◆ **YOUR GOAL**
Let your answer be the line containing "((cheb m K').1" and every line below it to the end of the records, copied exactly.

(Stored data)
━━━━━━━━━━━━━━━━━━━━
Lemma chernoff_indicator (s t p : R) :
  0 < s -> 1 - expR (s * (t + p)) <= (p <= - t)%R%:R.
Proof.
move=> s0; have [hp|hp] := boolP (p <= - t).
  by have := expR_ge0 (s * (t + p)); rewrite /=; lra.
have : 0 < s * (t + p) by apply: mulr_gt0 => //; rewrite -ltNge in hp; lra.
have := expR_ge1Dx (s * (t + p)); rewrite /=; lra.
Qed.

Lemma gauss_prob_chernoff n (Phi : n.-tuple R -> R) (s t : R) (a b : 'I_n -> R) :
  0 < s ->
  (forall v, expR (s * Phi v) =
     \prod_(i < n) gauss_weight (a i) (b i) (tnth v i)) ->
  ((1 - expR (s * t) * \prod_(i < n) gauss_weight_mean (a i) (b i))%:E
     <= gauss_prob [set v | (Phi v <= - t)%R])%E.
Proof.
move=> s0 hPhi; rewrite /gauss_prob -gauss_iter_weight_prod.
apply: gauss_iter_le => v; rewrite -hPhi -exp.expRD -mulrDr indicE lee_fin.
have -> : (v \in [set v | Phi v <= - t]) = (Phi v <= - t).
  by apply/idP/idP => [/set_mem|/mem_set].
exact: chernoff_indicator.
Qed.

Section leapfrog_coefficients.
Variable F : realFieldType.

(* (T_K(m), U_(K-1)(m)): Chebyshev polynomials of the first and second kind,
   i.e. the entries of the K-th power of a unimodular 2x2 matrix of half-trace
   m, computed by the matrix recursion. *)
Fixpoint cheb (m : F) (K : nat) : F * F :=
  if K is K'.+1 then
    ((cheb m K').1 * m + (m ^+ 2 - 1) * (cheb m K').2,
     m * (cheb m K').2 + (cheb m K').1)
  else (1, 0).

(* Determinant one: the Pell identity T^2 - (m^2 - 1) U^2 = 1. *)
Lemma cheb_pell m K : (cheb m K).1 ^+ 2 - (m ^+ 2 - 1) * (cheb m K).2 ^+ 2 = 1.
Proof. by elim: K => [|K IH] /=; [ring | rewrite -[RHS]IH; ring]. Qed.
━━━━━━━━━━━━━━━━━━━━
◆ **EXERCISE RESULT**
    ((cheb m K').1 * m + (m ^+ 2 - 1) * (cheb m K').2,
     m * (cheb m K').2 + (cheb m K').1)
  else (1, 0).

(* Determinant one: the Pell identity T^2 - (m^2 - 1) U^2 = 1. *)
Lemma cheb_pell m K : (cheb m K).1 ^+ 2 - (m ^+ 2 - 1) * (cheb m K).2 ^+ 2 = 1.
Proof. by elim: K => [|K IH] /=; [ring | rewrite -[RHS]IH; ring]. Qed.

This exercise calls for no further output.